So... how can you escape the trap of the incident management game of telephone?
Steps to escape the incident management game of telephone:
Establish clear communication channels
Document incident details
Standardize incident response processes
Conduct regular training
Conduct regular reviews
Establish clear communication channels
Establishing clear communication channels for incident management involves setting up a clear and structured process for reporting and escalating incidents. The following steps can help in establishing clear communication channels:
Designate a single point of contact - designate a single point of contact, such as a product manager or incident manager, who is responsible for receiving and triaging incident reports.
Set up clear incident reporting protocols - define clear incident reporting protocols, such as the information required in an incident report, who to notify, and how to report the incident.
Establish escalation paths - define escalation paths for incidents based on severity levels, and ensure that all stakeholders are aware of the process.
Use a common incident tracking tool - use a common incident tracking tool, such as Jira or Trello, to ensure that all teams have access to the same incident information.
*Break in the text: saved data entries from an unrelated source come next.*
From Stdlib Require Import Reals Lra List ClassicalEpsilon FunctionalExtensionality Classical.
From Coquelicot Require Import Coquelicot.
Open Scope R_scope.

(* For continuous data the weak formulation is equivalent to the classical
   representation [u = A + B k + P G], where [k] is the nonconstant solution of
   [-c u' - u'' = 0] and [P G] the variation-of-constants solution: [u - P G] is
   orthogonal to every test function whose moments against [1] and [k] vanish
   (those are exactly [c phi' - phi''] for test functions [phi]), and two fixed
   bumps absorb the moments of an arbitrary test function (du Bois-Reymond).
   Test functions are built from [exp (-1/x)]; the gauge integrals of the weak
   formulation are Riemann integrals for continuous integrands.

   Nonnegativity: on a maximal interval where a component is negative its
   truncated reaction term vanishes, so there it is a combination of [1] and [k]
   vanishing at both ends, hence zero.

   Positivity: each component satisfies [-c u' - u'' >= - C u] with [u >= 0].
   At an interior zero [u' = 0], and the representation bounds [u] to the left
   by [step^2 C' max u], so [u] vanishes on an interval of fixed length [step];
   iterating reaches [x = -a], where [u > 0]. *)

(* [auto_derive] leaves the derivatives of abstract functions as [Derive] terms;
   this replaces them by the values recorded in [is_derive] hypotheses. *)
Ltac use_derive_hyps :=
  repeat match goal with
  | H : is_derive ?f ?x ?l |- context [Derive ?g ?x] =>
      replace (Derive g x) with l by (symmetry; exact (is_derive_unique f x l H))
  end.

Ltac auto_derive_hyps :=
  auto_derive;
  [ repeat split; try (eexists; eassumption); try lra
  | use_derive_hyps ].
(* With notation as below, for all $M\ge1$, $0\le N\le M-1$, all $1\le x_1<\cdots<x_N\le M$, all $1\le y_1<\cdots<y_{N+1}\le M$ and all nonzero $u\in\mathbb{C}$, $$\langle x^\vee_1\cdots x^\vee_N|\,C(u)\,|y^\vee_1\cdots y^\vee_{N+1}\rangle=\langle y_1\cdots y_{N+1}|\,B(u)\,|x_1\cdots x_N\rangle,$$ where $x^\vee_j=M+1-x_{N+1-j}$ and $y^\vee_j=M+1-y_{N+2-j}$. Consequently, if $x_j=\lambda_{N-j+1}+j$, $y_j=\mu_{N-j+2}+j$ for integer sequences $M-N\ge\lambda_1\ge\cdots\ge\lambda_N\ge0$, $M-N-1\ge\mu_1\ge\cdots\ge\mu_{N+1}\ge0$, and $z=-\beta^{-1}-u^{-2}$, then $$(-\beta)^Nu^{1-M}\langle x_1\cdots x_N|C(u)|y_1\cdots y_{N+1}\rangle=G_{\mu^\vee/\lambda^\vee}(z;\beta),$$ with $\lambda^\vee_j=M-N-\lambda_{N+1-j}$, $\mu^\vee_j=M-N-1-\mu_{N+2-j}$.
   Context: Fix nonzero $\beta\in\mathbb{C}$. Let $W_a=V_j=\mathbb{C}^2$ with basis $|0\rangle=(1,0)^T$, $|1\rangle=(0,1)^T$; $s=|0\rangle\langle0|$, $n=|1\rangle\langle1|$, $\sigma^+=|0\rangle\langle1|$, $\sigma^-=|1\rangle\langle0|$, subscripts indicating the tensor factor. $L_{aj}(u)=u\,s_as_j+\sigma_a^-\sigma_j^++\sigma_a^+\sigma_j^-+(-\beta^{-1}u-u^{-1})n_as_j-\beta^{-1}u\,n_an_j$ on $W_a\otimes V_j$; $T_a(u)=L_{aM}(u)\cdots L_{a1}(u)$ on $W_a\otimes V_1\otimes\cdots\otimes V_M$; $B(u)={}_a\langle0|T_a(u)|1\rangle_a$ and $C(u)={}_a\langle1|T_a(u)|0\rangle_a$. $|x_1\cdots x_N\rangle$ ($x_1<\cdots<x_N$) is the basis vector with $|1\rangle$ at the factors $x_j$ and $|0\rangle$ elsewhere; $\langle x_1\cdots x_N|$ is the dual basis vector. For a sequence $\mu$ with $N+1$ entries and $\lambda$ with $N$ entries, $G_{\mu/\lambda}(z;\beta)=z^{|\mu|-|\lambda|}\prod_{j=1}^N(1+\beta z-\beta z\,\delta_{\mu_{j+1},\lambda_j})$ if $\mu_j\ge\lambda_j\ge\mu_{j+1}$ for all $1\le j\le N$, and $0$ otherwise, where $|\lambda|=\sum\lambda_j$. *)

From HB Require Import structures.
From mathcomp Require Import all_boot all_order all_algebra.
Set Implicit Arguments. Unset Strict Implicit. Unset Printing Implicit Defensive.
Import Order.TTheory GRing.Theory Num.Theory.
Local Open Scope ring_scope.

Section Model.
Variable C : numClosedFieldType.

(* Matrix entry  <a' j'| L_{aj}(u) |a j>  (false = |0>, true = |1>),
   first component = auxiliary space W_a, second = quantum space V_j. *)
Definition Lent (beta u : C) (a' j' a j : bool) : C :=
  match a', j', a, j with
  | false, false, false, false => u                          (* u s_a s_j *)
  | true,  false, false, true  => 1                          (* sigma_a^- sigma_j^+ *)
  | false, true,  true,  false => 1                          (* sigma_a^+ sigma_j^- *)
  | true,  false, true,  false => - beta^-1 * u - u^-1       (* n_a s_j *)
  | true,  true,  true,  true  => - beta^-1 * u              (* n_a n_j *)
  | _, _, _, _ => 0
  end.

(* Matrix entry  <b'| (x) <out| T_a(u) |b> (x) |in>  of the monodromy matrix
   T_a(u) = L_{am}(u) ... L_{a1}(u) on W_a (x) V_1 (x) ... (x) V_m, where
   out, in : nat -> bool give the state of site i (1-based). *)
Fixpoint Tel (beta u : C) (m : nat) (b' b : bool) (out inn : nat -> bool) : C :=
  match m with
  | 0 => (b' == b)%:R
  | m'.+1 => \sum_(c : bool)
               Lent beta u b' (out m'.+1) c (inn m'.+1) * Tel beta u m' c b out inn
  end.

Definition conf (x : seq nat) : nat -> bool := fun i => i \in x.

(* <y| B(u) |x>  with B(u) = _a<0| T_a(u) |1>_a *)
Definition Bel (beta u : C) (M : nat) (y x : seq nat) : C :=
  Tel beta u M false true (conf y) (conf x).
(* <y| C(u) |x>  with C(u) = _a<1| T_a(u) |0>_a *)
Definition Cel (beta u : C) (M : nat) (y x : seq nat) : C :=
  Tel beta u M true false (conf y) (conf x).

(* G_{mu/lam}(z; beta), mu with N+1 entries, lam with N entries (N = size lam),
   indices shifted to 0-based. *)
Definition Gskew (z beta : C) (mu lam : seq nat) : C :=
  if [forall i : 'I_(size lam),
        (nth 0 mu i.+1 <= nth 0 lam i <= nth 0 mu i)%N]
  then z ^ ((sumn mu)%:Z - (sumn lam)%:Z) *
       \prod_(i < size lam)
          (1 + beta * z - beta * z * (nth 0 mu i.+1 == nth 0 lam i)%:R)
  else 0.

End Model.

Definition dualpos (M : nat) (x : seq nat) : seq nat :=
  rev (map (fun a => (M.+1 - a)%N) x).

Definition validpos (M N : nat) (x : seq nat) : bool :=
  [&& size x == N, sorted ltn x & all (fun a => (1 <= a <= M)%N) x].

From HB Require Import structures.
From mathcomp Require Import all_boot all_order all_algebra.
From mathcomp Require Import zify ring.
Import Order.TTheory GRing.Theory Num.Theory.
Local Open Scope ring_scope.
Set Implicit Arguments. Unset Strict Implicit.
Establish communication guidelines - establish communication guidelines for all stakeholders, including how and when to communicate, who to contact, and what information to provide.
By establishing clear communication channels for incident management, all stakeholders can work together more efficiently and effectively to resolve incidents. This helps to minimize the impact of incidents on customers and ensures that software products are of the highest quality.
Accurately documenting incident details is crucial for effective incident management for several reasons:
Provides a clear understanding of the incident - accurate documentation provides a clear understanding of the incident, including the symptoms, root cause, and resolution steps. This information can help teams to identify the underlying issues and prevent similar incidents from happening in the future.
Facilitates communication and collaboration - accurate documentation ensures that all stakeholders have access to the same information, which helps to facilitate communication and collaboration between teams. This, in turn, helps to resolve the incident more quickly and effectively.
Ensures accountability - accurate documentation of incident details assigns ownership of the incident to a specific team member or group. This ensures accountability and clear communication, enabling teams to take appropriate action to resolve the incident.
Supports continuous improvement - regular reviews of incident details help to identify trends and recurring issues, enabling teams to make improvements to incident management processes and prevent future incidents.
So... what’s the best way to accurately document incident details every time? PlayerZero. For every incident encountered by your users, we gather a comprehensive report so that your team doesn't have to speculate about reproducing it. This report includes steps to reproduce, metadata reports, network logs, console logs, and storage states all compiled into a single, shareable package. Our devtools automatically capture the incident, allowing for a speedy reproduction for your engineering team or if desired, you can effortlessly connect to your preferred engineering monitoring provider for even more in-depth insights.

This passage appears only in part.